[Material supplied — start]

Lemma inG_elem_X0 (j : 'I_n.+1) : (0 < j)%N ->
  forall r : R, inG e (elem j (r *: 'X_ord0 ^+ \prod_(i : 'I_n.+1 | (j <= i)%N) e i)).
Proof.
move: j; suff chain t (j : 'I_n.+1) : (0 < j)%N -> (n - j)%N = t ->
    forall r : R, inG e (elem j (r *: 'X_ord0 ^+ \prod_(i : 'I_n.+1 | (j <= i)%N) e i)).
  by move=> j j_gt0; apply: chain.
elim: t j => [|t IH] j j_gt0 nj r.
  have -> : j = ord_max by apply: val_inj; move: (ltn_ord j) nj => /=; lia.
  rewrite (big_pred1 ord_max) => [|i]; last first.
    by rewrite /= -(inj_eq val_inj) /= eqn_leq leq_ord.
  by rewrite -ordS_max_ord0; apply: inG_alpha.
have lt_jn : (j < n)%N by lia.
have val_Sj := val_ordS lt_jn.
have X0_free k c : k != ord0 -> vfree k ('X_(@ord0 n) ^+ c).
  by move=> k0; apply/vfreeX/vfreeXU; rewrite eq_sym.
have neq0 (k : 'I_n.+1) : (0 < k)%N -> k != ord0 by rewrite -(inj_eq val_inj) /= -lt0n.
rewrite (bigD1 j) //= mulnC exprM (eq_bigl (fun i : 'I_n.+1 => ordS j <= i)%N) => [|i].
  apply: (inG_elem_descend _ _ _ _ pcharRp) => //.
  - by apply/eqP => /(congr1 (@nat_of_ord _)); rewrite val_Sj; lia.
  - by apply/X0_free/neq0.
  - by apply/X0_free/neq0; rewrite val_Sj.
  - by apply: IH; rewrite val_Sj //; lia.
by rewrite val_Sj ltn_neqAle andbC eq_sym.
Qed.

End Chain.

Section Growth.
Variable R : nzRingType.
Implicit Types p q : {poly R}.

Lemma size_monicX q c : q \is monic -> size (q ^+ c) = ((size q).-1 * c).+1.
Proof.
move=> mq; have sq : (0 < size q)%N by rewrite size_poly_gt0 monic_neq0.
elim: c => [|c IH]; first by rewrite expr0 size_poly1 muln0.
by rewrite exprS size_monicM ?monic_neq0 ?monic_exp // IH; lia.
Qed.

Lemma monic_size_addX p q c : q \is monic -> (size p <= (size q).-1 * c)%N ->
  p + q ^+ c \is monic /\ size (p + q ^+ c) = ((size q).-1 * c).+1.
Proof.
move=> mq le_pq; have mqc := monic_exp c mq.
have lt_p : (size p < size (q ^+ c))%N by rewrite size_monicX.
split; last by rewrite addrC size_polyDl // size_monicX.
by rewrite monicE lead_coefDr //; apply/eqP/monicP.
Qed.

Variables (d1 d2 : nat) (A B : nat -> {poly R}).
Hypotheses (d1_gt0 : (0 < d1)%N) (d12_gt1 : (1 < d1 * d2)%N).
Hypotheses (A0 : A 0%N = 0) (B0 : B 0%N = 'X).
Hypotheses (A_S : forall t, A t.+1 = A t + B t ^+ d1)
           (B_S : forall t, B t.+1 = B t + A t.+1 ^+ d2).

Lemma monic_size_iter t :
  [/\ B t \is monic, size (B t) = ((d1 * d2) ^ t).+1,
      A t.+1 \is monic & size (A t.+1) = (d1 * (d1 * d2) ^ t).+1].
Proof.
elim: t => [|t [mB sB mA sA]].
  rewrite A_S A0 B0 add0r size_monicX ?monicX // size_polyX.
  by rewrite monicXn expn0 muln1 mul1n.
have x_gt0 : (0 < (d1 * d2) ^ t)%N by rewrite expn_gt0; lia.
have le_B : (size (B t) <= (size (A t.+1)).-1 * d2)%N by rewrite sA sB /=; nia.
have [mB' sB'] := monic_size_addX mA le_B.
rewrite -B_S sA /= in mB' sB'.
have le_A : (size (A t.+1) <= (size (B t.+1)).-1 * d1)%N by rewrite sA sB' /=; nia.
have [mA' sA'] := monic_size_addX mB' le_A.
rewrite -A_S sB' /= in mA' sA'.
by split; rewrite // ?sB' ?sA' expnS; congr S; ring.
Qed.

Lemma injective_iterA_exp c : (0 < c)%N -> injective (fun t => A t ^+ c).
Proof.
move=> c_gt0.
have size_Ac t : size (A t.+1 ^+ c) = (c * d1 * (d1 * d2) ^ t).+1.
  by case: (monic_size_iter t) => _ _ mA sA; rewrite size_monicX // sA /= mulnC mulnA.
have A0c : A 0%N ^+ c = 0 by rewrite A0 expr0n eqn0Ngt c_gt0.
have cd1_gt0 : (0 < c * d1)%N by rewrite muln_gt0 c_gt0.
move=> [|t] [|u] //= /(congr1 (fun q : {poly R} => size q));
  rewrite ?A0c ?size_Ac ?size_poly0 //.
by move=> [] /eqP; rewrite eqn_pmul2l // => /eqP /(expnI d12_gt1) ->.
Qed.

End Growth.

Lemma elem_inj (R : comNzRingType) n (i : 'I_n) : injective (@elem R n i).
Proof.
move=> f g /(congr1 (fun s : endo R n => tnth s i)).
by rewrite !tnth_elem eqxx => /addrI.
Qed.

Definition elem_inG (R : comNzRingType) n (e : 'I_n -> nat) (k : 'I_n) (h : endo R n) :=
  inG e h /\ exists2 q, vfree k q & h = elem k q.

Lemma elem_abelian_elem_inG (R : comNzRingType) n (e : 'I_n -> nat) k p :
  p \in [pchar R] -> elem_abelian_p_subgroup p (@elem_inG R n e k).
Proof.
move=> pcharRp; split.
- by split; [constructor | exists 0; rewrite ?elem0 //; apply: vfree0].
- move=> g h [Gg [f fk eqg]] [Gh [f' fk' eqh]]; split; first exact: inG_comp.
  by exists (f + f'); [apply: vfreeD | rewrite eqg eqh elem_comp].
- by move=> _ _ [_ [f fk ->]] [_ [g gk ->]]; rewrite !elem_comp // addrC.
- move=> _ [_ [f fk ->]].
  by rewrite endo_pow_elem // -scaler_nat (pcharf0 pcharRp) scale0r elem0.
Qed.

Lemma injective_nat_notin (T : eqType) (F : nat -> T) :
  injective F -> forall s : seq T, exists t, F t \notin s.
Proof.
move=> F_inj s; pose ts := iota 0 (size s).+1.
have [/allP Fs | /allPn [t _ Ft]] := boolP (all (fun t => F t \in s) ts); last by exists t.
have uniq_Fts : uniq (map F ts) by rewrite (map_inj_uniq F_inj) iota_uniq.
have sub : {subset map F ts <= s} by move=> _ /mapP [t /Fs Ft ->].
by have := uniq_leq_size uniq_Fts sub; rewrite size_map size_iota ltnn.
Qed.

Section Orbit.
Variables (R : comNzRingType) (n : nat) (e : 'I_n.+3 -> nat) (p : nat).
Hypotheses (pcharRp : p \in [pchar R]) (e_lt_p : forall i, (e i < p)%N).
Hypotheses (e_gt0 : forall i, (0 < e i)%N) (e_gt1 : exists i, (1 < e i)%N).
Implicit Type r : R.

Let x0 : 'I_n.+3 := ord0.
Let x1 : 'I_n.+3 := inord 1.
Let xk : 'I_n.+3 := ord_max.
Let D : nat := \prod_(i : 'I_n.+3 | (x1 <= i)%N) e i.

Let x0_neq_x1 : x0 != x1. Proof. by rewrite -(inj_eq val_inj) /= inordK. Qed.
Let x0_neq_xk : x0 != xk. Proof. by rewrite -(inj_eq val_inj). Qed.
Let x1_neq_xk : x1 != xk. Proof. by rewrite -(inj_eq val_inj) /= inordK. Qed.
Let ordS_x0 : ordS x0 = x1. Proof. by apply: val_inj; rewrite /= inordK. Qed.

Let E0 r := elem x0 (r *: 'X_x1 ^+ e x0).
Let E1 r := elem x1 (r *: 'X_x0 ^+ D).

Let inG_E0 r : inG e (E0 r).
Proof. by rewrite /E0 -ordS_x0; apply: inG_alpha. Qed.

Let inG_E1 r : inG e (E1 r).
Proof. by apply: (inG_elem_X0 pcharRp e_lt_p); rewrite /= inordK. Qed.
Let tau := endo_comp (E0 1) (E1 1).
Let tau_inv := endo_comp (E1 (-1)) (E0 (-1)).

Let E0D r r' : endo_comp (E0 r) (E0 r') = E0 (r + r').
Proof.
have X1_free c : vfree x0 (c *: 'X_x1 ^+ e x0) by apply: vfreeZXU; rewrite eq_sym.
by rewrite /E0 elem_comp // scalerDl.
Qed.

Let E1D r r' : endo_comp (E1 r) (E1 r') = E1 (r + r').
Proof.
have X0_free c : vfree x1 (c *: 'X_x0 ^+ D) by apply: vfreeZXU.
by rewrite /E1 elem_comp // scalerDl.
Qed.

Let tauK : endo_comp tau tau_inv = endo_id R n.+3.
Proof.
rewrite endo_compA -(endo_compA (E1 1)) E1D subrr.
rewrite /E1 scale0r elem0 endo_comp1l E0D subrr.
by rewrite /E0 scale0r elem0.
Qed.

Let fixes_tau : fixes xk tau.
Proof. by apply: fixes_comp; apply: fixes_elem => //; apply: vfreeZXU. Qed.

Let inG_tau : inG e tau. Proof. exact: inG_comp. Qed.
Let inG_tau_inv : inG e tau_inv. Proof. exact: inG_comp. Qed.

Let orbit t := 'X_x0 ^+ e xk \mPo endo_pow tau t.

Let orbit_elem_inG t : elem_inG e xk (elem xk (orbit t)).
Proof.
suff [] : inG e (elem xk (orbit t)) /\ vfree xk (orbit t) by split=> //; exists (orbit t).
elim: t => [|t [G_t free_t]].
  rewrite /orbit comp_mpoly_id; split; last exact/vfreeX/vfreeXU.
  by have := inG_alpha (R := R) e xk 1; rewrite ordS_max_ord0 scale1r.
have -> : orbit t.+1 = orbit t \mPo tau by rewrite /orbit comp_mpolyA.
split; last exact: vfree_comp.
rewrite -[elem xk _]endo_comp1r -tauK -endo_compA -comp_elem //.
by apply: inG_comp => //; apply: inG_comp.
Qed.

Let ev (q : {mpoly R[n.+3]}) : {poly R} :=
  mmap (@polyC R) (fun j => if j == x1 then 'X else 0) q.
Let A t := ev (tnth (endo_pow tau t) x0).
Let B t := ev (tnth (endo_pow tau t) x1).

Let evX j : ev 'X_j = if j == x1 then 'X else 0.
Proof. by rewrite /ev mmapX mmap1U. Qed.

Let A0 : A 0%N = 0. Proof. by rewrite /A tnth_mktuple evX (negbTE x0_neq_x1). Qed.
Let B0 : B 0%N = 'X. Proof. by rewrite /B tnth_mktuple evX eqxx. Qed.

Let tau_x0 : tnth tau x0 = 'X_x0 + 'X_x1 ^+ e x0.
Proof.
rewrite tnth_mktuple tnth_elem (negbTE x0_neq_x1) comp_mpolyXt tnth_elem eqxx.
by rewrite scale1r.
Qed.

Let tau_x1 : tnth tau x1 = 'X_x1 + ('X_x0 + 'X_x1 ^+ e x0) ^+ D.
Proof.
rewrite tnth_mktuple tnth_elem eqxx comp_mpolyD comp_mpolyZ rmorphXn /=.
by rewrite !comp_mpolyXt !tnth_elem eqxx eq_sym (negbTE x0_neq_x1) !scale1r.
Qed.

Let A_S t : A t.+1 = A t + B t ^+ e x0.
Proof.
rewrite /A /B endo_powSr tnth_mktuple tau_x0 comp_mpolyD rmorphXn /=.
by rewrite !comp_mpolyXt /ev rmorphD rmorphXn.
Qed.

Let B_S t : B t.+1 = B t + A t.+1 ^+ D.
Proof.
rewrite A_S /A /B endo_powSr tnth_mktuple tau_x1 comp_mpolyD rmorphXn /=.
by rewrite comp_mpolyD rmorphXn /= !comp_mpolyXt /ev !(rmorphD, rmorphXn).
Qed.

Let ev_orbit t : ev (orbit t) = A t ^+ e xk.
Proof. by rewrite /orbit rmorphXn /= comp_mpolyXt /ev rmorphXn. Qed.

[Material supplied — finish]

* **What you are asked to do**
Return precisely the lines of the records, starting with the line that holds "by rewrite comp_mpolyD" and ending with the last one.

* **Output of the exercise**
by rewrite comp_mpolyD rmorphXn /= !comp_mpolyXt /ev !(rmorphD, rmorphXn).
Qed.

Let ev_orbit t : ev (orbit t) = A t ^+ e xk.
Proof. by rewrite /orbit rmorphXn /= comp_mpolyXt /ev rmorphXn. Qed.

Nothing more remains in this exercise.